Firstly, he contended that the provisions of section 49D(1) are clear and unequivocal. The Commission can enter into a settlement agreement “during, on or after completion of the investigation of a compliant.” The plain meaning of these words does not limit the time during which the Commission can conclude a settlement agreement. Indeed, it can do so after a referral to the Tribunal and right up until the Tribunal announces its findings.

Section 49D has two jurisdictional requirements that must be satisfied before the Tribunal may grant an order in terms of the section. They are:
-        the Commission and the respondent must have agreed the terms of an appropriate order;
-        the agreement must have been reached “during, on or after the completion of the investigation of a complaint”.

It was submitted that both requirements had been met and that the Tribunal had the necessary jurisdiction to grant an order confirming the settlement agreement.

Secondly, there was no warrant, in law, to read in words that limited the clear meaning of section 49D(1) of the Act.

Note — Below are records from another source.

(* Consider a smooth and decomposable probabilistic circuit defining $p(\mathbf{y}\mid\mathcal{Q},\mathcal{X})$ for every forecasting query $\mathcal{Q}$ and observation set $\mathcal{X}$, such that: (1) each leaf node is a distribution over exactly the variables $\mathbf{y}_c$ of the queries belonging to a single input channel $c$; (2) each leaf distribution over $\mathbf{y}_c$ depends on the query only through the subset $\mathcal{Q}_c$ of queries belonging to channel $c$ (and on $\mathcal{X}$); (3) the weights of the sum nodes do not depend on the query $\mathcal{Q}$ (they may depend on $\mathcal{X}$). Then for every channel $c$, $$\int p(\mathbf{y}\mid\mathcal{Q},\mathcal{X})\,d\mathbf{y}_c=p(\mathbf{y}_{-c}\mid\mathcal{Q}_{-c},\mathcal{X}),$$ where $\mathbf{y}_{-c}=\mathbf{y}\setminus\mathbf{y}_c$ and $\mathcal{Q}_{-c}=\mathcal{Q}\setminus\mathcal{Q}_c$; i.e. the circuit is marginalization consistent up to the leaf nodes (with respect to removing whole channels).
   Context: Observations $\mathcal{X}=((t_n,c_n,y_n))_{n=1}^N$ with $(t_n,c_n,y_n)\in\mathbb{R}\times\{1,\dots,C\}\times\mathbb{R}$; a query $\mathcal{Q}=((t_m^{\mathrm{qry}},c_m^{\mathrm{qry}}))_{m}$ with targets $\mathbf{y}$. For channel $c$, $\mathcal{Q}_c$ denotes the queries with channel index $c$ and $\mathbf{y}_c$ the corresponding targets; the sets $\mathbf{y}_c$ partition $\mathbf{y}$. A probabilistic circuit is a rooted DAG with leaf nodes (normalized densities over a subset of variables, its scope), sum nodes computing $\sum_{k\in ch(n)}w_{n,k}p_k$ with $w_{n,k}\ge 0$, $\sum_k w_{n,k}=1$, and product nodes computing $\prod_{k\in ch(n)}p_k$; the scope of an inner node is the union of its children's scopes. Smoothness: all children of a sum node have the same scope. Decomposability: children of a product node have pairwise disjoint scopes. The circuit structure is fixed and does not depend on $\mathcal{Q}$; when $\mathcal{Q}_c$ is empty the leaves of channel $c$ are the constant $1$. *)

From Stdlib Require List.
From HB Require Import structures.
From mathcomp Require Import all_boot all_order all_algebra.
From mathcomp Require Import all_classical all_reals all_analysis.
Set Implicit Arguments. Unset Strict Implicit. Unset Printing Implicit Defensive.
Import Order.TTheory GRing.Theory Num.Theory.
Local Open Scope ring_scope.

Section PC.
Variables (R : realType) (C : nat).

(* observations X = ((t_n, c_n, y_n))_n, channels {1..C} rendered as 'I_C *)
Definition obs := seq (R * 'I_C * R).
Definition query := seq (R * 'I_C).

Definition qchan (Q : query) (c : 'I_C) : query := [seq q <- Q | q.2 == c].
Definition qrest (Q : query) (c : 'I_C) : query := [seq q <- Q | q.2 != c].

(* y_c : the targets (in query order) of the queries of channel c;
   y is a sequence of targets aligned with Q *)
Definition yvals (Q : query) (y : seq R) (c : 'I_C) : seq R :=
  [seq p.2 | p <- zip Q y & p.1.2 == c].

(* A probabilistic circuit whose structure is fixed (independent of Q).
   - a leaf carries a single channel c (its scope is y_c) and a family of
     functions  f X ts yc  = density of y_c given X and Q_c, where Q_c is
     given through its sequence of query times ts (all its channels are c);
   - a sum node carries its children with weights w X depending only on X;
   - a product node carries its children. *)
Inductive pc : Type :=
| PLeaf of 'I_C & (obs -> seq R -> seq R -> R)
| PSum of seq ((obs -> R) * pc)
| PProd of seq pc.

Fixpoint pc_eval (X : obs) (Q : query) (y : seq R) (n : pc) {struct n} : R :=
  match n with
  | PLeaf c f => f X [seq q.1 | q <- qchan Q c] (yvals Q y c)
  | PSum ch => (fix go (l : seq ((obs -> R) * pc)) : R :=
                  match l with
                  | [::] => 0
                  | (w, k) :: l' => w X * pc_eval X Q y k + go l'
                  end) ch
  | PProd ch => (fix go (l : seq pc) : R :=
                   match l with
                   | [::] => 1
                   | k :: l' => pc_eval X Q y k * go l'
                   end) ch
  end.

(* scope, as a set of channels (the variable scope for a query Q is the
   union of the y_c for c in this set) *)
Fixpoint scope (n : pc) : {set 'I_C} :=
  match n with
  | PLeaf c _ => [set c]
  | PSum ch => (fix go (l : seq ((obs -> R) * pc)) : {set 'I_C} :=
                  match l with
                  | [::] => finset.set0
                  | (_, k) :: l' => scope k :|: go l'
                  end) ch
  | PProd ch => (fix go (l : seq pc) : {set 'I_C} :=
                   match l with
                   | [::] => finset.set0
                   | k :: l' => scope k :|: go l'
                   end) ch
  end.
Lemma place_v2_v1_loads (sg : cprofile R I) : 0 < h -> client_eq (place v2 v1) sg ->
  load sg f0 = X + H /\ load sg f1 = X + 1 + H.
Proof.
move=> h_gt0 ce; have cp := ce.1; have H_gt0 : 0 < H by rewrite ltr0q.
rewrite !golden_load; have [-> ->] : sg v1 f0 = 0 /\ sg v1 f1 = 1.
  apply: (place_shared ce) => //.
  by rewrite !golden_load_minus /= !(place_unshared _ cp) //=; lra.
by rewrite !(place_unshared _ cp) //=; split; ring.
Qed.

Lemma placeE (s : FPP I) : s = place (s f0) (s f1).
Proof. by apply/ffunP => f; rewrite ffunE; case: (ord2_cases f) => ->. Qed.

Lemma deviate_place0 a b y : deviate (place a b) f0 y = place y b.
Proof. by apply/ffunP => f; rewrite !ffunE; case: (ord2_cases f) => ->. Qed.

Lemma deviate_place1 a b y : deviate (place a b) f1 y = place a y.
Proof. by apply/ffunP => f; rewrite !ffunE; case: (ord2_cases f) => ->. Qed.

Lemma is_FPP_place a b : a \in [set v0; v2] -> b \in [set v1; v3] -> is_FPP (place a b).
Proof. by move=> aU bU f; rewrite ffunE; case: (ord2_cases f) => ->. Qed.

Lemma golden_improving_deviation (alpha : R) (sg : full_cprofile R I) (s : FPP I) :
  0 < h -> alpha * (1 + H) < X -> alpha * X < X + 1 -> alpha * (X + H) < X + 1 ->
  full_client_eq sg -> is_FPP s ->
  exists f, exists2 y, y \in fl_U I f & load (sg (deviate s f y)) f > alpha * load (sg s) f.
Proof.
move=> h_gt0 gain_v0_v1 gain_x gain_v2_v1 eq_sg s_FPP; have H_gt0 : 0 < H by rewrite ltr0q.
have eq_at a b : a \in [set v0; v2] -> b \in [set v1; v3] ->
    client_eq (place a b) (sg (place a b)).
  by move=> aU bU; apply/eq_sg/is_FPP_place.
rewrite (placeE s); case/set2P: (s_FPP f0) => ->; case/set2P: (s_FPP f1) => ->.
- exists f1; exists v3; first by rewrite /= !inE.
  rewrite deviate_place1.
  have [_ ->] := place_v0_v3_loads (eq_at _ _ (set21 _ _) (set22 _ _)).
  by have [_ ->] := place_v0_v1_loads h_gt0 (eq_at _ _ (set21 _ _) (set21 _ _)).
- exists f0; exists v2; first by rewrite /= !inE.
  rewrite deviate_place0.
  have [-> _] := place_v2_v3_loads (eq_at _ _ (set22 _ _) (set22 _ _)).
  have [-> _] := place_v0_v3_loads (eq_at _ _ (set21 _ _) (set22 _ _)).
  lra.
- exists f0; exists v0; first by rewrite /= !inE.
  rewrite deviate_place0.
  have [-> _] := place_v0_v1_loads h_gt0 (eq_at _ _ (set21 _ _) (set21 _ _)).
  by have [-> _] := place_v2_v1_loads h_gt0 (eq_at _ _ (set22 _ _) (set21 _ _)).
- exists f1; exists v1; first by rewrite /= !inE.
  rewrite deviate_place1.
  have [_ ->] := place_v2_v1_loads h_gt0 (eq_at _ _ (set22 _ _) (set21 _ _)).
  have [_ ->] := place_v2_v3_loads (eq_at _ _ (set22 _ _) (set22 _ _)).
  lra.
Qed.
End GoldenInstance.

Section GoldenRatio.
Variable R : realType.
Local Notation phi := (golden_ratio R).

Lemma golden_ratio_bounds : 1 < phi < 2.
Proof.
have s5_ge0 : 0 <= Num.sqrt (5 : R) := sqrtr_ge0 _.
have s5_sqr : Num.sqrt (5 : R) ^+ 2 = 5 by rewrite sqr_sqrtr.
rewrite /golden_ratio; apply/andP; split; nra.
Qed.

Lemma sqr_lt_add1_below_golden_ratio (t : R) : 0 <= t -> t < phi -> t ^+ 2 < t + 1.
Proof.
have s5_ge0 : 0 <= Num.sqrt (5 : R) := sqrtr_ge0 _.
have s5_sqr : Num.sqrt (5 : R) ^+ 2 = 5 by rewrite sqr_sqrtr.
rewrite /golden_ratio; set s5 := Num.sqrt 5 in s5_ge0 s5_sqr * => t_ge0 t_lt.
(* [t ^+ 2 - t - 1] factors through the two roots [(1 + s5) / 2] and [(1 - s5) / 2 < 0]. *)
have above_conjugate : 0 < t - (1 - s5) / 2 by nra.
have : (t - (1 + s5) / 2) * (t - (1 - s5) / 2) < 0 by rewrite pmulr_llt0 // subr_lt0.
nra.
Qed.

Lemma exists_golden_parameters (alpha : R) : alpha < phi ->
  exists x h : rat, [/\ 1 < x, 0 < h, alpha * (1 + ratr h) < ratr x,
    alpha * ratr x < ratr x + 1 & alpha * (ratr x + ratr h) < ratr x + 1].
Proof.
move=> alpha_lt; have /andP [phi_gt1 phi_lt2] := golden_ratio_bounds.
have [x] : exists x, ratr x \in `](Num.max alpha 1), phi[.
  by apply: rat_in_itvoo; rewrite gt_max alpha_lt phi_gt1.
rewrite in_itv /= gt_max => /andP [/andP [alpha_lt_x x_gt1] x_lt_phi].
set X := ratr x in alpha_lt_x x_gt1 x_lt_phi *.
have gain_x : alpha * X < X + 1.
  have := sqr_lt_add1_below_golden_ratio (ltW (lt_trans ltr01 x_gt1)) x_lt_phi; nra.
pose d := Num.min (X - alpha) (X + 1 - alpha * X).
have d_gt0 : 0 < d by rewrite lt_min !subr_gt0 alpha_lt_x gain_x.
have [h] : exists h, ratr h \in `]0, d / 2[ by apply: rat_in_itvoo; rewrite divr_gt0.
rewrite in_itv /= => /andP [H_gt0 H_lt].
have alphaH_lt_d : alpha * ratr h < d by nra.
have [d_le1 d_le2] : d <= X - alpha /\ d <= X + 1 - alpha * X by rewrite !ge_min !lexx ?orbT.
exists x, h; split; [by rewrite -(ltr_rat R) rmorph1 | by rewrite -(ltr0q R) | lra.. ].
Qed.
End GoldenRatio.

Theorem mainTheorem3 (R : realType) (eps : R) :
  0 < eps ->
  exists I : fl_instance, valid_instance I /\
    ~ (exists (s : FPP I) (sg : full_cprofile R I),
         approx_SPE (golden_ratio R - eps) s sg).
Proof.
move=> eps_gt0; have alpha_lt : golden_ratio R - eps < golden_ratio R by lra.
have [x [h [x_gt1 h_gt0 gain_v0_v1 gain_x gain_v2_v1]]] := exists_golden_parameters alpha_lt.
exists (golden_instance x h); split; first exact: golden_instance_valid.
case=> s [sg [s_FPP [eq_sg no_deviation]]]; apply: no_deviation.
exact: golden_improving_deviation.
Qed.
Lemma ps_trunc_mul N f g :
  ps_trunc N (ps_mul f g) = (ps_trunc N f * ps_trunc N g) %% 'X^N.
Proof.
apply/polyP => i; rewrite -Pdiv.IdomainMonic.take_poly_modp coef_take_poly.
rewrite coef_ps_trunc; case: ifP => // hi; rewrite coefM; apply: eq_bigr => j _.
by rewrite !coef_ps_trunc (leq_ltn_trans (leq_ord j) hi) (leq_ltn_trans (leq_subr j i) hi).
Qed.

Lemma ps_trunc_pow N f n : ps_trunc N (ps_pow f n) = (ps_trunc N f ^+ n) %% 'X^N.
Proof.
elim: n => [|n IH]; first by rewrite ps_trunc_one.
by rewrite /ps_pow iterS -/(ps_pow f n) ps_trunc_mul IH modp_mul exprS.
Qed.

Lemma ps_trunc_comp N f g : g 0%N = 0 ->
  ps_trunc N (ps_comp f g) = (ps_trunc N f \Po ps_trunc N g) %% 'X^N.
Proof.
move=> g0; apply/polyP => i; rewrite -Pdiv.IdomainMonic.take_poly_modp coef_take_poly.
rewrite coef_ps_trunc; case: ifP => // hi.
have Q0 : (ps_trunc N g)`_0 = 0 by rewrite coef_ps_trunc (leq_ltn_trans _ hi).
rewrite -(coef_modXn _ (ltnSn i)) modXn_comp // ps_trunc_modXn // coef_modXn //.
rewrite ps_trunc_comp_sum coef_sum; apply: eq_bigr => n _.
by rewrite coefZ -(coef_modXn _ hi) -ps_trunc_pow coef_ps_trunc_lt.
Qed.

Local Notation geom N := (ps_trunc N (@ps_geom K)).
Local Notation xdivxm1 N := (ps_trunc N (@ps_xdivxm1 K)).

Lemma ps_trunc_onemX N : ps_trunc N (@ps_onemX K) = (1 - 'X) %% 'X^N.
Proof.
apply/polyP => i; rewrite -Pdiv.IdomainMonic.take_poly_modp coef_take_poly.
rewrite coef_ps_trunc coefB coef1 coefX /ps_onemX.
by case: ifP => // _; case: i => [|[|i]] /=; rewrite ?subr0 ?sub0r ?subrr.
Qed.

Lemma onemX_mul_geom N : ((1 - 'X) * geom N) %% 'X^N = 1 %% 'X^N.
Proof.
apply/modXn_eqP => i hi; rewrite mulrBl mul1r coefB coefXM coef1 !coef_ps_trunc hi.
by case: i hi => [|i] hi /=; rewrite ?subr0 // (ltnW hi) subrr.
Qed.

Lemma xdivxm1_modXn N : xdivxm1 N %% 'X^N = (- ('X * geom N)) %% 'X^N.
Proof.
apply/modXn_eqP => i hi; rewrite coefN coefXM coef_ps_trunc hi /ps_xdivxm1.
by case: i hi => [|i] hi /=; rewrite ?oppr0 // coef_ps_trunc (ltnW hi).
Qed.

Lemma coef0_xdivxm1 N : (xdivxm1 N)`_0 = 0.
Proof. by rewrite coef_ps_trunc; case: ifP. Qed.

Lemma ps_trunc_onemXz_subn N (p q : nat) :
  ps_trunc N (@ps_onemXz K (p%:Z - q%:Z)) = ((1 - 'X) ^+ p * geom N ^+ q) %% 'X^N.
Proof.
have cancel k : (((1 - 'X) * geom N) ^+ k) %% 'X^N = 1 %% 'X^N.
  by rewrite (modp_congrX k (onemX_mul_geom N)) expr1n.
case: (leqP q p) => hqp.
- have -> : p%:Z - q%:Z = (p - q)%N by rewrite subzn.
  rewrite /= ps_trunc_pow ps_trunc_onemX (modp_congrX _ (modp_id _ _)).
  rewrite -{2}(subnK hqp) exprD -mulrA -exprMn.
  by rewrite -[in LHS](mulr1 ((1 - 'X) ^+ (p - q))); apply: modp_congrM.
- have -> : p%:Z - q%:Z = Negz (q - p).-1 by rewrite NegzE prednK ?subn_gt0 //; lia.
  rewrite /ps_onemXz prednK ?subn_gt0 // ps_trunc_pow.
  rewrite -{2}(subnKC (ltnW hqp)) exprD mulrA -exprMn.
  by rewrite -[in LHS](mul1r (geom N ^+ (q - p))); apply: modp_congrM.
Qed.

Lemma ps_trunc_onemXzD N r s : ps_trunc N (@ps_onemXz K (r + s)) =
  (ps_trunc N (@ps_onemXz K r) * ps_trunc N (@ps_onemXz K s)) %% 'X^N.
Proof.
have [p1 [q1 ->]] := int_subn_surj r; have [p2 [q2 ->]] := int_subn_surj s.
have -> : p1%:Z - q1%:Z + (p2%:Z - q2%:Z) = (p1 + p2)%N%:Z - (q1 + q2)%N%:Z by lia.
rewrite !ps_trunc_onemXz_subn modp_mul_mod !exprD.
by congr (_ %% _); ring.
Qed.

Lemma inF_truncP r phi : inF r phi <-> forall N,
  (ps_trunc N phi \Po xdivxm1 N) %% 'X^N = (ps_trunc N (@ps_onemXz K r) * ps_trunc N phi) %% 'X^N.
Proof.
split=> [h N | h]; last apply/ps_trunc_eqP => N.
  by have := (ps_trunc_eqP _ _).2 h N; rewrite ps_trunc_comp // ps_trunc_mul.
by rewrite ps_trunc_comp // ps_trunc_mul.
Qed.

Lemma inF_mul r s f g : inF r f -> inF s g -> inF (r + s) (ps_mul f g).
Proof.
move=> /inF_truncP hf /inF_truncP hg; apply/inF_truncP => N.
rewrite ps_trunc_mul -modXn_comp ?coef0_xdivxm1 // comp_polyM.
rewrite (modp_congrM (hf N) (hg N)) ps_trunc_onemXzD modp_mul_mod.
by congr (_ %% _); ring.
Qed.

Lemma inF_one : inF 0 (@ps_one K).
Proof.
apply/inF_truncP => N; rewrite ps_trunc_one -modXn_comp ?coef0_xdivxm1 //.
by rewrite comp_polyC modp_mul_mod mulr1.
Qed.

Lemma ps_mul_onemXz_pow_xdivxm1 r n j :
  ps_mul (@ps_onemXz K r) (ps_pow (@ps_xdivxm1 K) n) j =
  if (j < n)%N then 0 else (-1) ^+ n * ps_onemXz K (r - n%:Z) (j - n).
Proof.
set Tr := ps_trunc j.+1 (@ps_onemXz K r).
rewrite -(coef_ps_trunc_lt _ (ltnSn j)) ps_trunc_mul ps_trunc_pow modp_mul.
rewrite -modp_mul (modp_congrX n (xdivxm1_modXn _)) modp_mul coef_modXn //.
have -> : Tr * (- ('X * geom j.+1)) ^+ n =
    (-1) ^+ n *: ('X^n * (Tr * geom j.+1 ^+ n)).
  by rewrite -mul_polyC rmorphXn rmorphN1 exprNn exprMn; ring.
rewrite coefZ coefXnM; case: ltnP => hnj; first by rewrite mulr0.
congr (_ * _).
have hjn : (j - n < j.+1)%N by rewrite ltnS leq_subr.
rewrite -(coef_modXn _ hjn) -modp_mul -(mul1r (geom j.+1 ^+ n)) -(expr0 (1 - 'X)).
rewrite -ps_trunc_onemXz_subn -ps_trunc_onemXzD add0r.
by rewrite coef_ps_trunc_lt.
Qed.

Lemma ps_mul_onemXz_comp_xdivxm1 r phi j :
  ps_mul (@ps_onemXz K r) (ps_comp phi (@ps_xdivxm1 K)) j =
  \sum_(n < j.+1) phi n * ((-1) ^+ n * ps_onemXz K (r - n%:Z) (j - n)).
Proof.
rewrite -(coef_ps_trunc_lt _ (ltnSn j)) ps_trunc_mul ps_trunc_comp // modp_mul.
rewrite coef_modXn // ps_trunc_comp_sum mulr_sumr coef_sum.
apply: eq_bigr => -[n hn] _ /=; rewrite -scalerAr coefZ; congr (_ * _).
rewrite -(coef_modXn _ (ltnSn j)) -modp_mul -ps_trunc_pow -ps_trunc_mul.
by rewrite coef_ps_trunc_lt // ps_mul_onemXz_pow_xdivxm1 ltnNge -ltnS hn.
Qed.

Lemma inF_onemXz_mulP r s phi : inF (r - s) phi <-> forall j,
  ps_mul (@ps_onemXz K s) (ps_comp phi (@ps_xdivxm1 K)) j = ps_mul phi (ps_onemXz K r) j.
Proof.
have Tr N : ps_trunc N (@ps_onemXz K r) =
    (ps_trunc N (ps_onemXz K s) * ps_trunc N (ps_onemXz K (r - s))) %% 'X^N.
  by rewrite -ps_trunc_onemXzD addrC subrK.
have TsN N : (ps_trunc N (@ps_onemXz K (- s)) * ps_trunc N (ps_onemXz K s)) %% 'X^N = 1 %% 'X^N.
  by rewrite -ps_trunc_onemXzD addNr ps_trunc_one.
have eqT N : ps_trunc N (ps_mul (ps_onemXz K s) (ps_comp phi (@ps_xdivxm1 K))) =
    ps_trunc N (ps_mul phi (ps_onemXz K r)) <->
    (ps_trunc N phi \Po xdivxm1 N) %% 'X^N =
    (ps_trunc N (ps_onemXz K (r - s)) * ps_trunc N phi) %% 'X^N.
  rewrite !ps_trunc_mul ps_trunc_comp // modp_mul Tr modp_mul.
  by rewrite [ps_trunc N phi * _]mulrC -mulrA; apply: modp_mul2l (TsN N).
rewrite inF_truncP; split=> h.
  by apply: (ps_trunc_eqP _ _).1 => N; apply/eqT.
by move=> N; apply/eqT/(ps_trunc_eqP _ _).2.
Qed.
End Truncation.

Lemma expN1z_subn (K : numFieldType) (n d : nat) :
  (-1 : K) ^ (n%:Z - d%:Z) = (-1) ^+ d * (-1) ^+ n.
Proof.
by rewrite expfzDr ?oppr_eq0 ?oner_eq0 // -exprnN invr_sign mulrC.
Qed.

Section LaurentSeries.
Variables (K : numFieldType) (d : nat) (H : int -> K) (phi : nat -> K).
Hypothesis H_phi : forall n : nat, H (n%:Z - d%:Z) = phi n.

Lemma laurent_inv_t_subd j : laurent_inv_t d H (j%:Z - d%:Z) =
  (-1) ^+ d * ps_mul (ps_onemXz K d) (ps_comp phi (@ps_xdivxm1 K)) j.
Proof.
rewrite ps_mul_onemXz_comp_xdivxm1 /laurent_inv_t subrK /= mulr_sumr.
apply: eq_bigr => -[n hn] _ /=.
rewrite /wpow lerD2r lez_nat -ltnS hn expN1z_subn H_phi.
have -> : j%:Z - d%:Z - (n%:Z - d%:Z) = (j - n)%N by rewrite -subzn //; lia.
by rewrite opprB /=; ring.
Qed.

Lemma laurent_rhs_subd a j : laurent_rhs d a H (j%:Z - d%:Z) =
  (-1) ^+ d * ps_mul phi (ps_onemXz K (- a)) j.
Proof.
rewrite /laurent_rhs subrK /=; congr (_ * _); apply: eq_bigr => -[n hn] _ /=.
rewrite lerD2r lez_nat -ltnS hn H_phi.
by have -> : j%:Z - d%:Z - (n%:Z - d%:Z) = (j - n)%N by rewrite -subzn //; lia.
Qed.

Lemma laurent_inv_t_lt k : k < - d%:Z -> laurent_inv_t d H k = 0.
Proof.
move=> hk; apply: big1 => n _.
by rewrite /wpow ifF ?mulr0 //; apply/negbTE; rewrite -ltNge; lia.
Qed.

Lemma laurent_rhs_lt a k : k < - d%:Z -> laurent_rhs d a H k = 0.
Proof.
move=> hk; rewrite /laurent_rhs big1 ?mulr0 // => n _ /=.
by rewrite ifF ?mulr0 //; apply/negbTE; rewrite -ltNge; lia.
Qed.

Lemma laurent_eqP a :
  (forall k, laurent_inv_t d H k = laurent_rhs d a H k) <->
  (forall j, ps_mul (ps_onemXz K d) (ps_comp phi (@ps_xdivxm1 K)) j =
             ps_mul phi (ps_onemXz K (- a)) j).
Proof.
split=> [h j | h k].
  have := h (j%:Z - d%:Z); rewrite laurent_inv_t_subd laurent_rhs_subd.
  by move/(congr1 ( *%R ((-1) ^+ d))); rewrite !signrMK.
have [hk | hk] := ltP k (- d%:Z); first by rewrite laurent_inv_t_lt ?laurent_rhs_lt.
have -> : k = (absz (k + d%:Z))%:Z - d%:Z by lia.
by rewrite laurent_inv_t_subd laurent_rhs_subd h.
Qed.
End LaurentSeries.

Theorem proposition3p2 (K : numFieldType) :
  (forall (d : nat) (a : int),
     (forall H : int -> K, inLS d a H -> inF (- (a + d%:Z)) (phi_of d H)) /\
     (forall (c : K) (H1 H2 : int -> K) (m : nat),
        phi_of d (fun k => c * H1 k + H2 k) m = c * phi_of d H1 m + phi_of d H2 m) /\
     (forall H1 H2 : int -> K, inLS d a H1 -> inLS d a H2 ->
        (forall m, phi_of d H1 m = phi_of d H2 m) -> forall k, H1 k = H2 k) /\
     (forall f : nat -> K, inF (- (a + d%:Z)) f ->
        exists H : int -> K, inLS d a H /\ forall m, phi_of d H m = f m)) /\
  (forall (r s : int) (f g : nat -> K), inF r f -> inF s g -> inF (r + s) (ps_mul f g)) /\
  inF 0 (@ps_one K).
Proof.
split; last by split; [exact: inF_mul | exact: inF_one].
move=> d a; split; last split; last split.
- move=> H [_ /(laurent_eqP (fun n => erefl (phi_of d H n)))].
  by rewrite opprD => /inF_onemXz_mulP.
- by [].
- move=> H1 H2 [H1_pole _] [H2_pole _] eq_phi k.
  have [hk | hk] := ltP k (- d%:Z); first by rewrite H1_pole ?H2_pole.
  have -> : k = (absz (k + d%:Z))%:Z - d%:Z by lia.
  exact: eq_phi.
- move=> f; rewrite opprD => /inF_onemXz_mulP f_eq.
  pose H k := if - d%:Z <= k then f (absz (k + d%:Z)) else 0.
  have H_f n : H (n%:Z - d%:Z) = f n by rewrite /H subrK ifT //; lia.
  exists H; split=> //; split; last exact: (laurent_eqP H_f a).2 f_eq.
  by move=> k hk; rewrite /H ifF //; apply/negbTE; rewrite -ltNge.
Qed.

Thirdly, the anomalies relied upon by the Tribunal were more apparent than real. Even where the complainant pursued the complaint, the Commission had the right to appear and participate in the hearing (Section 53(1)(a). It was, therefore, not rendered impotent.

The legislature granted the right to the complainant to pursue its complain where there is a non-referral to ensure that it is not prejudiced.

Recognising that the Commission has a role to represent the public interest in cases of an alleged prohibited practice, Mr Unterhalter submitted that the complainant who pursues a complain after a non-referral, has both a private and a public role.

In order to determine the questions raised in the review and appeal - which are in both cases the same questions - it is necessary to examine the provisions of the Act.